**The problem:**
Your answer should be the exact lines of the data below from the one containing "by case: (e i" through the one containing "have [ki kj] : k != i /\ k != j."; please include nothing else.

**Data extracts:**
(* Let $n\ge 5$ and let $\sigma$ be a maximal simplex of $\Delta_n$ that covers all places. If $|N(w)\cap\sigma|\ge 2$ for all $w\in\sigma$, then there exist $v,w\in\sigma$ with $v$ adjacent to $w$ in $\mathbb{I}_n$ and $\sigma=N(v)\cup N(w)$.
   Context: $\mathbb{I}_n$ is the $n$-dimensional hypercube graph on vertex set $\{0,1\}^n$ (adjacent iff differing in exactly one coordinate), with Hamming distance $d(v,w)=\#\{i: v(i)\ne w(i)\}$, $v(i)$ the $i$-th coordinate. $\Delta_n=\mathcal{VR}(\mathbb{I}_n;3)$ is the simplicial complex whose simplices are the subsets $\sigma\subseteq\{0,1\}^n$ with $d(x,y)\le 3$ for all $x,y\in\sigma$. A simplex $\sigma$ covers all places if for each $i\in[n]=\{1,\dots,n\}$ there are $v,w\in\sigma$ with $v(i)=1$ and $w(i)=0$. $N(v)$ denotes the set of the $n$ vertices adjacent to $v$ in $\mathbb{I}_n$. *)

From mathcomp Require Import all_boot.
Set Implicit Arguments. Unset Strict Implicit. Unset Printing Implicit Defensive.

(* Vertices of the hypercube I_n: functions [n] -> {0,1}, coordinates indexed by 'I_n. *)
Definition vert (n : nat) := {ffun 'I_n -> bool}.

Definition hdist (n : nat) (v w : vert n) : nat := #|[set i | v i != w i]|.

Definition adj (n : nat) (v w : vert n) : bool := hdist v w == 1.

Definition nbhd (n : nat) (v : vert n) : {set vert n} := [set w | adj v w].

(* simplices of Delta_n = VR(I_n; 3): nonempty vertex sets of diameter <= 3 *)
Definition is_simplex (n : nat) (s : {set vert n}) : bool :=
  (s != set0) && [forall x in s, forall y in s, hdist x y <= 3].

Definition is_maximal_simplex (n : nat) (s : {set vert n}) : bool :=
  is_simplex s && [forall t : {set vert n}, (s \proper t) ==> ~~ is_simplex t].

Definition covers_all_places (n : nat) (s : {set vert n}) : bool :=
  [forall i : 'I_n, exists v in s, exists w in s, v i && ~~ w i].

From mathcomp Require Import all_boot zify.
Set Implicit Arguments. Unset Strict Implicit. Unset Printing Implicit Defensive.

(** Fix b in s. Two neighbours b + e_i, b + e_j of b lie in s, and every vertex
   of s at odd distance from b is adjacent to b or to the opposite corner
   b + e_i + e_j. Both cannot be needed: that would give either two vertices of
   s at distance 4, or a tetrahedron b + e_i, b + e_j, b + e_k, b + e_i + e_j + e_k
   in s, which the covering and degree conditions rule out by a parity argument.
   So the odd layer of s around b lies in N(x) for some x at even distance from b;
   the same argument for b + e_i yields y with the even layer in N(y). Then
   d(x, y) is odd and at most 3, and d(x, y) = 3 is impossible at a coordinate
   where x and y agree. Hence s lies in the simplex N(x) ∪ N(y) with x ~ y, and
   maximality gives equality. *)

Definition flip n (u : vert n) (i : 'I_n) : vert n :=
  [ffun m => if m == i then ~~ u m else u m].

Section Hypercube.

Variable n : nat.
Implicit Types (o u v w x y z : vert n) (i j k m c : 'I_n).

Lemma flipE u i m : flip u i m = if m == i then ~~ u i else u m.
Proof. by rewrite ffunE; case: eqP => // ->. Qed.

Lemma flipK u i : flip (flip u i) i = u.
Proof.
by apply/ffunP => m; rewrite !flipE eqxx; case: eqP => [->|]; rewrite ?negbK.
Qed.

Lemma flipC u i j : flip (flip u i) j = flip (flip u j) i.
Proof. by apply/ffunP => m; rewrite !ffunE; case: (m =P i); case: (m =P j). Qed.

Lemma hdistE u v : hdist u v = \sum_m (u m != v m).
Proof. by rewrite /hdist -sum1_card big_mkcond; apply: eq_bigr => m _; rewrite inE. Qed.

Lemma hdistC u v : hdist u v = hdist v u.
Proof. by rewrite !hdistE; apply: eq_bigr => m _; rewrite eq_sym. Qed.

Lemma hdistxx u : hdist u u = 0.
Proof. by rewrite hdistE big1 // => m _; rewrite eqxx. Qed.

(* Phrased additively to avoid truncated subtraction. *)
Lemma hdist_flip u v i :
  hdist u (flip v i) + (u i != v i) = hdist u v + (u i == v i).
Proof.
rewrite !hdistE (bigD1 i) //= [in RHS](bigD1 i) //= flipE eqxx.
under eq_bigr => m /negbTE mi do rewrite flipE mi.
by case: (u i); case: (v i) => /=; lia.
Qed.

Lemma hdist_triangle u v w : hdist u w <= hdist u v + hdist v w.
Proof.
rewrite !hdistE -big_split /=; apply: leq_sum => m _.
by case: (u m); case: (v m); case: (w m).
Qed.

Lemma odd_hdist_trans u v w :
  odd (hdist u w) = odd (hdist u v) (+) odd (hdist v w).
Proof.
rewrite !hdistE !(big_morph odd oddD (erefl : odd 0 = false)) -big_split /=.
by apply: eq_bigr => m _; case: (u m); case: (v m); case: (w m).
Qed.

Lemma adj_flip u i : adj u (flip u i).
Proof. by rewrite /adj; have := hdist_flip u u i; rewrite eqxx hdistxx => /eqP; lia. Qed.

Lemma odd_hdist_flip u v i : odd (hdist u (flip v i)) = ~~ odd (hdist u v).
Proof. by rewrite (odd_hdist_trans u v) (eqP (adj_flip v i)) addbT. Qed.

Lemma adjC u v : adj u v = adj v u.
Proof. by rewrite /adj hdistC. Qed.

Lemma adj_flipP u v : adj u v -> exists i, v = flip u i.
Proof.
move=> /cards1P [i diff_i]; exists i; apply/ffunP => m.
have := erefl (m \in [set m | u m != v m]); rewrite [in RHS]diff_i !inE flipE.
by case: (m =P i) => [->|_]; case: (u _); case: (v _).
Qed.

Lemma sum_diff_le_hdist (ms : seq 'I_n) u v :
  uniq ms -> \sum_(m <- ms) (u m != v m) <= hdist u v.
Proof.
move=> ms_uniq; rewrite hdistE.
apply: (@uniq_sub_le_big _ _ leq) => //; first by move=> a b; apply: leq_addr.
- exact: index_enum_uniq.
- by move=> m _; rewrite mem_index_enum.
Qed.

Lemma exists_coord_notin (A : {pred 'I_n}) : #|A| < n -> exists c, c \notin A.
Proof.
move=> An; have /card_gt0P [c Ac] : 0 < #|[predC A]|.
  by rewrite -(ltn_add2l #|A|) cardC card_ord addn0.
by exists c.
Qed.

Lemma hdist_step_away x y z c :
  x c = y c -> adj x z -> z c != x c -> hdist z y = (hdist x y).+1.
Proof.
move=> xy_c /adj_flipP [i ->]; rewrite flipE.
case: (eqVneq c i) => [<- _|_]; last by rewrite eqxx.
by have := hdist_flip y x c; rewrite hdistC [hdist y x]hdistC xy_c eqxx; lia.
Qed.

Lemma hdist_le3_of_adj x y u v : adj x u -> adj y v -> hdist x y <= 1 -> hdist u v <= 3.
Proof.
move=> /eqP xu /eqP yv xy; rewrite hdistC in xu.
have := hdist_triangle u x v; have := hdist_triangle x y v; lia.
Qed.

(* The four constraints force y to differ from o in an odd number of the
   coordinates i, j, k and, outside them, only at c; so d(y, o) is even. *)
Lemma hdist_tetra_even o y i j k c :
  uniq [:: k; j; i; c] -> y c != o c ->
  hdist y (flip o i) <= 3 -> hdist y (flip o j) <= 3 -> hdist y (flip o k) <= 3 ->
  hdist y (flip (flip (flip o i) j) k) <= 3 -> ~~ odd (hdist y o).
Proof.
move=> kjic yc ? ? ? ?.
have lb := sum_diff_le_hdist y o kjic; rewrite !big_cons big_nil yc in lb.
move: kjic; rewrite /= !inE !negb_or => /and4P [/and3P [kj ki _] /andP [ji _] _ _].
have Hi := hdist_flip y o i; have Hj := hdist_flip y o j; have Hk := hdist_flip y o k.
have Hij := hdist_flip y (flip o i) j; have Hijk := hdist_flip y (flip (flip o i) j) k.
rewrite !flipE (negbTE ji) (negbTE ki) (negbTE kj) in Hij Hijk.
suff: hdist y o = 2 \/ hdist y o = 4 by case=> ->.
by case: (y i == o i) Hi Hij Hijk lb; case: (y j == o j) Hj; case: (y k == o k) Hk => /=; lia.
Qed.

End Hypercube.

Lemma simplex_neq0 n (s : {set vert n}) : is_simplex s -> s != set0.
Proof. by case/andP. Qed.

Lemma simplex_diam n (s : {set vert n}) :
  is_simplex s -> {in s &, forall x y, hdist x y <= 3}.
Proof.
by case/andP => _ /forall_inP diam x y xs ys; move/forall_inP: (diam x xs); apply.
Qed.

Lemma maximal_simplex_eq n (s t : {set vert n}) :
  is_maximal_simplex s -> s \subset t -> is_simplex t -> s = t.
Proof.
case/andP => _ /forallP s_max /eqVproper [//|st] t_simplex.
by have := s_max t; rewrite st t_simplex.
Qed.

Lemma nbhdU_simplex n (x y : vert n) : adj x y -> is_simplex (nbhd x :|: nbhd y).
Proof.
move=> xy; apply/andP; split; first by apply/set0Pn; exists y; rewrite !inE xy.
have xy1 : hdist x y <= 1 by rewrite (eqP xy).
have yx1 : hdist y x <= 1 by rewrite hdistC (eqP xy).
apply/forall_inP => u; rewrite !inE => /orP u_adj.
apply/forall_inP => v; rewrite !inE => /orP v_adj.
by case: u_adj v_adj => xu [] yv; apply: (hdist_le3_of_adj xu yv); rewrite ?hdistxx.
Qed.

Section CoveringSimplex.

Variables (n : nat) (s : {set vert n}).
Hypothesis n_ge4 : 3 < n.
Hypothesis s_diam : {in s &, forall x y, hdist x y <= 3}.
Hypothesis s_cov : covers_all_places s.
Hypothesis s_deg : forall w, w \in s -> 2 <= #|nbhd w :&: s|.
Implicit Types (b e o u v w x y z : vert n) (i j k m c : 'I_n).

Lemma two_flips_in w : w \in s -> exists i j, [/\ i != j, flip w i \in s & flip w j \in s].
Proof.
move=> /s_deg /card_gt1P [u [v [/setIP [u_adj us] /setIP [v_adj vs] uv]]].
rewrite !inE in u_adj v_adj.
have [i ui] := adj_flipP u_adj; have [j vj] := adj_flipP v_adj.
by exists i, j; rewrite -ui -vj; split => //; apply: contraNneq uv => ij; rewrite ui vj ij.
Qed.

Lemma flip_in_avoiding w c : w \in s -> exists2 p, p != c & flip w p \in s.
Proof.
move=> /two_flips_in [i [j [ij wis wjs]]].
by case: (eqVneq i c) => [ic|]; [exists j => //; rewrite -ic eq_sym | exists i].
Qed.

Lemma differs_at c u : exists2 z, z \in s & z c != u c.
Proof.
have /forallP/(_ c)/exists_inP [v vs /exists_inP [w ws /andP [vc wc]]] := s_cov.
case: (eqVneq (v c) (u c)) => [vuc|vuc]; last by exists v.
by exists w; rewrite // -vuc vc (negbTE wc).
Qed.

Lemma no_tetrahedron o i j k : uniq [:: k; j; i] ->
  flip o i \in s -> flip o j \in s -> flip o k \in s ->
  flip (flip (flip o i) j) k \in s -> False.
Proof.
move=> kji ois ojs oks oijks.
have [c c_out] := exists_coord_notin (leq_ltn_trans (card_size [:: k; j; i]) n_ge4).
have kjic : uniq [:: k; j; i; c].
  by rewrite -[[:: k; j; i; c]]/(rcons [:: k; j; i] c) rcons_uniq c_out.
have even_in w : w \in s -> w c != o c -> ~~ odd (hdist w o).
  by move=> ws wc; apply: (hdist_tetra_even kjic wc); apply: s_diam.
have [z zs zc] := differs_at c o.
have [p pc zps] := flip_in_avoiding c zs.
(* z and its neighbour flip z p would both be at even distance from o. *)
have zpc : flip z p c != o c by rewrite flipE (eq_sym c) (negbTE pc).
have := even_in _ zps zpc; rewrite hdistC odd_hdist_flip hdistC negbK.
by rewrite (negbTE (even_in _ zs zc)).
Qed.

Lemma odd_adj_or_adj_opposite b i j e : j != i -> flip b i \in s -> flip b j \in s ->
  e \in s -> odd (hdist b e) -> adj b e \/ adj (flip (flip b i) j) e.
Proof.
move=> ji bis bjs es; rewrite /adj !(hdistC _ e) => odd_eb.
have d13 : hdist e b = 1 \/ hdist e b = 3.
  have : hdist e b <= 4 by have := hdist_flip e b i; have := s_diam es bis; lia.
  by move: odd_eb; case: (hdist e b) => [|[|[|[|[|d]]]]] //= _ _; [left | right].
have Hi := hdist_flip e b i; have Hj := hdist_flip e b j.
have Hij := hdist_flip e (flip b i) j; rewrite flipE (negbTE ji) in Hij.
have := s_diam es bis; have := s_diam es bjs.
by case: (e i == b i) Hi Hij; case: (e j == b j) Hj => /=; lia.
Qed.

Lemma no_split_odd_layer b i j e e' : j != i -> flip b i \in s -> flip b j \in s ->
  e \in s -> e' \in s -> adj b e -> ~~ adj (flip (flip b i) j) e ->
  adj (flip (flip b i) j) e' -> ~~ adj b e' -> False.
Proof.
set o := flip (flip b i) j.
move=> ji bis bjs es e's /adj_flipP [k ek] o_e /adj_flipP [m e'm] b_e'.
have [ki kj] : k != i /\ k != j.
  split; apply: contraNneq o_e => kij; rewrite ek kij adjC /o ?adj_flip //.
  by rewrite flipC adj_flip.
have [mi mj] : m != i /\ m != j.
  split; apply: contraNneq b_e' => mij; rewrite e'm mij /o ?flipK ?adj_flip //.
  by rewrite flipC flipK adj_flip.
case: (eqVneq k m) => [km | km].
  have kji : uniq [:: k; j; i] by rewrite /= !inE !negb_or ki kj ji.
  by apply: (no_tetrahedron kji bis bjs); rewrite -?ek // -/o km -e'm.
have := s_diam es e's; rewrite ek e'm.
have kmji : uniq [:: k; m; j; i] by rewrite /= !inE !negb_or km ki kj mi mj ji.
have := sum_diff_le_hdist (flip b k) (flip o m) kmji.
rewrite !big_cons big_nil /o !flipE !eqxx (eq_sym m k) (eq_sym j k) (eq_sym i k).
rewrite (eq_sym j m) (eq_sym i m) (eq_sym i j).
rewrite (negbTE km) (negbTE kj) (negbTE ki) (negbTE mj) (negbTE mi) (negbTE ji).
have bit (a : bool) : (a != ~~ a) * (~~ a != a) by case: a.
by rewrite !bit => lb /(leq_trans lb).
Qed.

Lemma exists_odd_layer_hub b : b \in s ->
  exists x, ~~ odd (hdist b x) /\ {in s, forall e, odd (hdist b e) -> adj x e}.
Proof.
move=> bs; have [j [i [ji bjs bis]]] := two_flips_in bs.
set o := flip (flip b i) j.
have near_b_or_o := odd_adj_or_adj_opposite ji bis bjs.
case: (boolP [exists e in s, odd (hdist b e) && ~~ adj b e]).
  case/exists_inP => e' e's /andP [odd_e' b_e']; exists o; split.
    by rewrite !odd_hdist_flip hdistxx.
  have o_e' : adj o e'.
    by case: (near_b_or_o e' e's odd_e') => // b_e'_adj; rewrite b_e'_adj in b_e'.
  move=> e es odd_e; case: (near_b_or_o e es odd_e) => // b_e.
  by apply/negPn/negP => o_e; apply: (no_split_odd_layer ji bis bjs es e's b_e o_e o_e' b_e').
move/exists_inPn => all_near_b; exists b; split; first by rewrite hdistxx.
by move=> e es odd_e; have := all_near_b e es; rewrite odd_e negbK.
Qed.

Lemma parity_cover_hdist_neq3 b x y :
  {in s, forall e, if odd (hdist b e) then adj x e else adj y e} -> hdist x y != 3.
Proof.
move=> cover; apply/eqP => xy3.
have [c] : exists c, c \notin [set m | x m != y m].
  by apply: exists_coord_notin; rewrite -/(hdist x y) xy3.
rewrite inE negbK => /eqP xy_c.
have [z zs zxc] := differs_at c x.
have [p [_ [_ zps _]]] := two_flips_in zs.
have detour u v : hdist u v = 3 -> u c = v c -> adj u z -> z c != u c ->
    adj v (flip z p) -> False.
  move=> uv3 uv_c uz zuc /eqP vzp; have := hdist_triangle z (flip z p) v.
  by rewrite (hdist_step_away uv_c uz zuc) uv3 (eqP (adj_flip z p)) hdistC vzp.
have := cover _ zps; rewrite odd_hdist_flip.
case: (odd (hdist b z)) (cover _ zs) => /= [xz yzp | yz xzp].
  exact: (detour x y xy3 xy_c xz zxc yzp).
by apply: (detour y x _ _ yz _ xzp); rewrite -?xy_c // hdistC.
Qed.

Lemma adjacent_cover : s != set0 ->
  exists x y, adj x y /\ s \subset nbhd x :|: nbhd y.
Proof.
case/set0Pn => b bs; have [i [_ [_ bis _]]] := two_flips_in bs.
have [x [b_x x_hub]] := exists_odd_layer_hub bs.
have [y [bi_y y_hub]] := exists_odd_layer_hub bis.
have cover : {in s, forall e, if odd (hdist b e) then adj x e else adj y e}.
  move=> e es; case: ifP => odd_e; first exact: x_hub.
  by apply: y_hub => //; rewrite hdistC odd_hdist_flip hdistC odd_e.
have odd_xy : odd (hdist x y).
  rewrite (odd_hdist_trans x b) (odd_hdist_trans b (flip b i)) hdistC.
  by rewrite (negbTE b_x) (negbTE bi_y) (eqP (adj_flip b i)).
have xy_le3 : hdist x y <= 3.
  have /eqP x_bi : adj x (flip b i) by have := cover _ bis; rewrite odd_hdist_flip hdistxx.
  have /eqP y_b : adj y b by have := cover _ bs; rewrite hdistxx.
  have := hdist_triangle x (flip b i) y; have := hdist_triangle (flip b i) b y.
  by rewrite [hdist (flip b i) b]hdistC (eqP (adj_flip b i)) x_bi [hdist b y]hdistC y_b; lia.
have xy_neq3 := parity_cover_hdist_neq3 cover.
exists x, y; split.
  by rewrite /adj; move: odd_xy xy_le3 xy_neq3; case: (hdist x y) => [|[|[|[|d]]]].
by apply/subsetP => e es; have := cover e es; rewrite !inE; case: odd => ->; rewrite ?orbT.
Qed.

End CoveringSimplex.

Theorem mainTheorem11 (n : nat) (s : {set vert n}) :
  5 <= n ->
  is_maximal_simplex s ->
  covers_all_places s ->
  (forall w, w \in s -> 2 <= #|nbhd w :&: s|) ->
  exists v w, [/\ v \in s, w \in s, adj v w & s = nbhd v :|: nbhd w].
Proof.
move=> n_ge5 s_max s_cov s_deg.
have s_simplex : is_simplex s by case/andP: s_max.
have [x [y [xy s_sub]]] := adjacent_cover (ltnW n_ge5) (simplex_diam s_simplex) s_cov s_deg
  (simplex_neq0 s_simplex).
exists x, y; rewrite (maximal_simplex_eq s_max s_sub (nbhdU_simplex xy)) !inE adjC xy orbT.
by split.
Qed.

**Answer:**
by case: (e i == b i) Hi Hij; case: (e j == b j) Hj => /=; lia.
Qed.

Lemma no_split_odd_layer b i j e e' : j != i -> flip b i \in s -> flip b j \in s ->
  e \in s -> e' \in s -> adj b e -> ~~ adj (flip (flip b i) j) e ->
  adj (flip (flip b i) j) e' -> ~~ adj b e' -> False.
Proof.
set o := flip (flip b i) j.
move=> ji bis bjs es e's /adj_flipP [k ek] o_e /adj_flipP [m e'm] b_e'.
have [ki kj] : k != i /\ k != j.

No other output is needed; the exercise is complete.